• DESCRIPTION OF THE TASK: Read through the entries below and return each line with the word "Arguments".

• EXERCISE DATA:
═══
(* Let $q$ be a prime power and $L\in\mathbb{F}_q[x]$ a $q$-polynomial of $q$-degree $n\geq2$ such that $L(x)/x$ is irreducible in $\mathbb{F}_q[x]$. Let $E$ be a splitting field of $L$ over $\mathbb{F}_q$ and $V\subseteq E$ the space of roots. For an ordered $\mathbb{F}_q$-basis $v_1,\dots,v_n$ of $V$ let $\epsilon_r:H_{n,r}(\mathbb{F}_q)\to E$, $\epsilon_r(P)=P(v_1,\dots,v_n)$. Then $\epsilon_r$ is not injective for every $r\geq q+1$.
   Context: $H_{n,r}(\mathbb{F}_q)$ is the space of homogeneous polynomials of degree $r$ in $\mathbb{F}_q[x_1,\dots,x_n]$ together with $0$. A $q$-polynomial of $q$-degree $n$ is $\sum_{i=0}^n a_ix^{q^i}$ with $a_n\neq0$. *)

From HB Require Import structures.
From mathcomp Require Import all_boot all_order all_algebra all_field.
From mathcomp.multinomials Require Import mpoly.
Set Implicit Arguments. Unset Strict Implicit. Unset Printing Implicit Defensive.
Import GRing.Theory.
Local Open Scope ring_scope.

Definition is_qpoly (F : fieldType) (q n : nat) (L : {poly F}) : Prop :=
  exists a : nat -> F, a n != 0 /\ L = \sum_(i < n.+1) a i *: 'X^(q ^ i).

Definition eps_eval (F : fieldType) (E : fieldExtType F) (n : nat)
  (v : 'I_n -> E) (P : {mpoly F[n]}) : E :=
  (map_mpoly (in_alg E) P).@[v].

(* Since V is the root space of a q-polynomial, it is stable under x |-> x^q,
   so each of the n^2 values v_a^q v_b of the degree-(q+1) monomials
   x_a^q x_b lies in the span of the n(n+1)/2 products v_i v_j with i <= j.
   For n >= 2 these values are linearly dependent, which gives a nonzero
   homogeneous polynomial of degree q+1 in the kernel of the evaluation;
   multiplying it by a power of x_1 moves it to any degree r >= q+1. *)

From HB Require Import structures.
From mathcomp Require Import all_boot all_order all_algebra all_field.
From mathcomp.multinomials Require Import mpoly.
From Stdlib Require Import Classical Lia.
From mathcomp Require Import zify.
Set Implicit Arguments.
Unset Strict Implicit.
Unset Printing Implicit Defensive.

Import GRing.Theory.
Local Open Scope ring_scope.

Lemma card_gt_dim_dependent (K : fieldType) (vT : vectType K) (I : finType)
    (f : I -> vT) (U : {vspace vT}) :
  (forall i, f i \in U) -> (\dim U < #|I|)%N ->
  exists2 c : I -> K, \sum_i c i *: f i = 0 & exists i, c i != 0.
Proof.
move=> fU dimU; pose X := [tuple f (enum_val i) | i < #|I|].
have notfreeX : ~~ free X.
  apply: contraTN dimU => /eqP freeX; rewrite -leqNgt -[#|I|](size_tuple X) -freeX.
  by apply/dimvS/span_subvP => _ /tnthP[j ->]; rewrite tnth_mktuple.
have [k rel [j kj]] : exists2 k : 'I_#|I| -> K,
    \sum_(i < #|I|) k i *: X`_i = 0 & exists j, k j != 0.
  apply: NNPP => nodep; case/negP: notfreeX; apply/freeP => k rel j.
  by apply/eqP; apply: contraT => kj; case: nodep; exists k => //; exists j.
exists (k \o enum_rank); last by exists (enum_val j); rewrite /= enum_valK.
rewrite (reindex (enum_val : 'I_#|I| -> I)) /=; last exact/onW_bij/enum_val_bij.
rewrite -[RHS]rel; apply: eq_bigr => i _.
by rewrite enum_valK -tnth_nth tnth_mktuple.
Qed.

Section QProducts.

Variables (F : fieldType) (E : fieldExtType F) (n : nat) (v : 'I_n -> E).

Definition sym_products : seq E :=
  [seq v p.1 * v p.2 | p : 'I_n * 'I_n <- enum {: 'I_n * 'I_n} & (p.1 <= p.2)%N].

Lemma mul_memv_sym_products i j : v i * v j \in <<sym_products>>%VS.
Proof.
apply: memv_span; have [le_ij | /ltnW le_ji] := leqP i j.
  by apply/mapP; exists (i, j); rewrite // mem_filter /= le_ij mem_enum.
by apply/mapP; exists (j, i); rewrite 1?mulrC // mem_filter /= le_ji mem_enum.
Qed.

Lemma dim_sym_products_lt : (1 < n)%N ->
  (\dim <<sym_products>> < #|{: 'I_n * 'I_n}|)%N.
Proof.
move=> lt1n; apply: leq_ltn_trans (dim_span _) _.
rewrite size_map size_filter cardE.
rewrite -(count_predC (fun p : 'I_n * 'I_n => p.1 <= p.2)%N).
rewrite -addn1 leq_add2l -has_count; apply/hasP.
by exists (Ordinal lt1n, Ordinal (ltnW lt1n)); rewrite ?mem_enum.
Qed.

Lemma qproducts_dependent (q : nat) : (1 < n)%N ->
    (forall i, v i ^+ q \in <<[tuple v i | i < n]>>%VS) ->
  exists2 c : 'I_n * 'I_n -> F,
    \sum_p c p *: (v p.1 ^+ q * v p.2) = 0 & exists p, c p != 0.
Proof.
move=> lt1n vq_span; apply: card_gt_dim_dependent (dim_sym_products_lt lt1n).
move=> [a b] /=; rewrite (coord_span (vq_span a)) mulr_suml.
apply: memv_suml => k _; rewrite -scalerAl (nth_mktuple _ 0).
exact/memvZ/mul_memv_sym_products.
Qed.

End QProducts.

Section FrobeniusOverFiniteField.

Variables (F : finFieldType) (E : fieldExtType F).

Lemma exprD_card (x y : E) : (x + y) ^+ #|F| = x ^+ #|F| + y ^+ #|F|.
Proof.
have [p pr_p pcharFp] := finPcharP F.
have pcharEp : p \in [pchar E] by rewrite pchar_lalg.
apply: exprDn_pchar; rewrite (card_pprimeChar pcharFp).
by rewrite (eq_pnat _ (pcharf_eq pcharEp)) pnatX pnat_id.
Qed.

Lemma in_alg_expr_card (a : F) : (a%:A : E) ^+ #|F| = a%:A.
Proof. by rewrite -[LHS](rmorphXn (in_alg E)) /= expf_card. Qed.

Lemma horner_qpoly_expr_card (m : nat) (L : {poly F}) (x : E) :
    is_qpoly #|F| m L ->
  (map_poly (in_alg E) L).[x ^+ #|F|] = (map_poly (in_alg E) L).[x] ^+ #|F|.
Proof.
have exprD : {morph (fun y : E => y ^+ #|F|) : y z / y + z} := exprD_card.
have expr0 : (0 : E) ^+ #|F| = 0 by rewrite expr0n gtn_eqF // ltnW // finNzRing_gt1.
case=> a [_ ->]; rewrite rmorph_sum !horner_sum (big_morph _ exprD expr0).
apply: eq_bigr => i _; rewrite -mul_polyC rmorphM /= map_polyC map_polyXn.
by rewrite !hornerE exprMn in_alg_expr_card -!exprM mulnC.
Qed.

Lemma root_qpoly_expr_card (m : nat) (L : {poly F}) (x : E) :
    is_qpoly #|F| m L -> root (map_poly (in_alg E) L) x ->
  root (map_poly (in_alg E) L) (x ^+ #|F|).
Proof.
move=> qL /eqP Lx; apply/eqP.
by rewrite (horner_qpoly_expr_card x qL) Lx expr0n gtn_eqF // ltnW // finNzRing_gt1.
Qed.

End FrobeniusOverFiniteField.

Section QProductMonomials.

Variable n : nat.

Definition mnm_qprod (q : nat) (p : 'I_n * 'I_n) : 'X_{1..n} :=
  (U_(p.1) *+ q + U_(p.2))%MM.

Lemma mdeg_mnm_qprod q p : mdeg (mnm_qprod q p) = q.+1.
Proof. by rewrite mdegD mdegMn !mdeg1 mul1n addn1. Qed.

Lemma mnm_qprod_inj q : (1 < q)%N -> injective (mnm_qprod q).
Proof.
move=> lt1q [a b] [c d] /= eq_m.
have coord i : ((a == i) * q + (b == i) = (c == i) * q + (d == i))%N.
  by have := congr1 (fun m : 'X_{1..n} => m i) eq_m; rewrite !mnmDE !mulmnE !mnm1E.
have ac : a = c.
  apply/eqP; rewrite eq_sym; have := coord a; rewrite eqxx.
  by case: (c == a) (b == a) (d == a) => [] [] []; lia.
by subst c; have := coord b; rewrite eqxx => /addnI; case: eqP => // ->.
Qed.

Lemma mcoeff_sumX_inj (R : nzRingType) (I : finType) (m : I -> 'X_{1..n})
    (c : I -> R) j :
  injective m -> (\sum_i c i *: 'X_[m i])@_(m j) = c j.
Proof.
move=> m_inj; rewrite raddf_sum (bigD1 j) //= mcoeffZ mcoeffX eqxx mulr1.
rewrite big1 ?addr0 // => i ij; rewrite mcoeffZ mcoeffX inj_eq //.
by rewrite (negPf ij) mulr0.
Qed.

End QProductMonomials.

Section EvaluationKernel.

Variables (F : fieldType) (E : fieldExtType F) (n : nat) (v : 'I_n -> E).

Lemma eps_eval0 : eps_eval v 0 = 0.
Proof. by rewrite /eps_eval raddf0 meval0. Qed.

Lemma eps_evalD (p1 p2 : {mpoly F[n]}) :
  eps_eval v (p1 + p2) = eps_eval v p1 + eps_eval v p2.
Proof. by rewrite /eps_eval raddfD /= mevalD. Qed.

Lemma eps_evalZ (c : F) (p : {mpoly F[n]}) : eps_eval v (c *: p) = c *: eps_eval v p.
Proof. by rewrite /eps_eval map_mpolyZ mevalZ mulr_algl. Qed.

Lemma eps_evalM (p1 p2 : {mpoly F[n]}) :
  eps_eval v (p1 * p2) = eps_eval v p1 * eps_eval v p2.
Proof. by rewrite /eps_eval rmorphM /= mevalM. Qed.

Lemma eps_eval_sumZ (I : finType) (c : I -> F) (P : I -> {mpoly F[n]}) :
  eps_eval v (\sum_i c i *: P i) = \sum_i c i *: eps_eval v (P i).
Proof.
rewrite (big_morph _ eps_evalD eps_eval0).
by apply: eq_bigr => i _; rewrite eps_evalZ.
Qed.

Lemma eps_eval_qprod q p : eps_eval v 'X_[mnm_qprod q p] = v p.1 ^+ q * v p.2.
Proof.
rewrite mpolyXD -mpolyXn eps_evalM /eps_eval rmorphXn /= rmorphXn /=.
by rewrite !map_mpolyX !mevalXU.
Qed.

Lemma eps_eval_kernel_qprod q : (1 < n)%N -> (1 < q)%N ->
    (forall i, v i ^+ q \in <<[tuple v i | i < n]>>%VS) ->
  exists P : {mpoly F[n]}, [/\ P != 0, P \is q.+1.-homog & eps_eval v P = 0].
Proof.
move=> lt1n lt1q vq_span.
have [c rel [p cp]] := qproducts_dependent lt1n vq_span.
exists (\sum_p c p *: 'X_[mnm_qprod q p]); split.
- apply: contraNneq cp => /(congr1 (mcoeff (mnm_qprod q p))).
  by rewrite mcoeff_sumX_inj ?mcoeff0 => [->|]; last exact: mnm_qprod_inj.
- by apply: rpred_sum => p' _; rewrite rpredZ // dhomogX; apply/eqP/mdeg_mnm_qprod.
- by rewrite eps_eval_sumZ -[RHS]rel; apply: eq_bigr => p' _; rewrite eps_eval_qprod.
Qed.

Lemma eps_eval_kernel_raise d r (P : {mpoly F[n]}) : (0 < n)%N -> (d <= r)%N ->
    P != 0 -> P \is d.-homog -> eps_eval v P = 0 ->
  exists Q : {mpoly F[n]}, [/\ Q != 0, Q \is r.-homog & eps_eval v Q = 0].
Proof.
move=> n_gt0 le_dr P_nz P_homog P_ker; pose m := (U_(Ordinal n_gt0) *+ (r - d))%MM.
exists (P * 'X_[m]); split.
- apply: contraNneq P_nz => PX0; apply/eqP/mpolyP => k.
  by rewrite -(mcoeffMX P m) PX0 !mcoeff0.
- rewrite -(subnKC le_dr); apply: dhomogM P_homog _.
  have deg_m : mdeg m = (r - d)%N by rewrite mdegMn mdeg1 mul1n.
  by rewrite dhomogX; apply/eqP.
- by rewrite eps_evalM P_ker mul0r.
Qed.

Lemma eps_eval_homog_not_inj q r : (1 < n)%N -> (1 < q)%N -> (q < r)%N ->
    (forall i, v i ^+ q \in <<[tuple v i | i < n]>>%VS) ->
  ~ (forall P1 P2 : {mpoly F[n]}, P1 \is r.-homog -> P2 \is r.-homog ->
       eps_eval v P1 = eps_eval v P2 -> P1 = P2).
Proof.
move=> lt1n lt1q lt_qr vq_span eps_inj.
have [P [P_nz P_homog P_ker]] := eps_eval_kernel_qprod lt1n lt1q vq_span.
have [Q [Q_nz Q_homog Q_ker]] := eps_eval_kernel_raise (ltnW lt1n) lt_qr P_nz P_homog P_ker.
move/eqP: Q_nz; apply; apply: (eps_inj Q 0 Q_homog (rpred0 _)).
by rewrite Q_ker eps_eval0.
Qed.

End EvaluationKernel.

Theorem theorem7p5 (F : finFieldType) (q : nat) (hq : #|F| = q)
  (n : nat) (hn : (2 <= n)%N) (L : {poly F})
  (hL : is_qpoly q n L) (hirr : irreducible_poly (L %/ 'X))
  (E : fieldExtType F)
  (hsplit : splittingFieldFor 1%VS (map_poly (in_alg E) L) fullv)
  (v : 'I_n -> E)
  (hroot : forall i, root (map_poly (in_alg E) L) (v i))
  (hfree : free [tuple v i | i < n])
  (hspan : forall x : E, root (map_poly (in_alg E) L) x ->
             x \in <<[tuple v i | i < n]>>%VS)
  (r : nat) (hr : (q.+1 <= r)%N) :
  ~ (forall P1 P2 : {mpoly F[n]}, P1 \is r.-homog -> P2 \is r.-homog ->
       eps_eval v P1 = eps_eval v P2 -> P1 = P2).
Proof.
subst q; apply: eps_eval_homog_not_inj hn (finNzRing_gt1 F) hr _ => i.
exact/hspan/(root_qpoly_expr_card hL)/hroot.
Qed.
═══
• YOUR SOLUTION:
Set Implicit Arguments. Unset Strict Implicit. Unset Printing Implicit Defensive.
Set Implicit Arguments.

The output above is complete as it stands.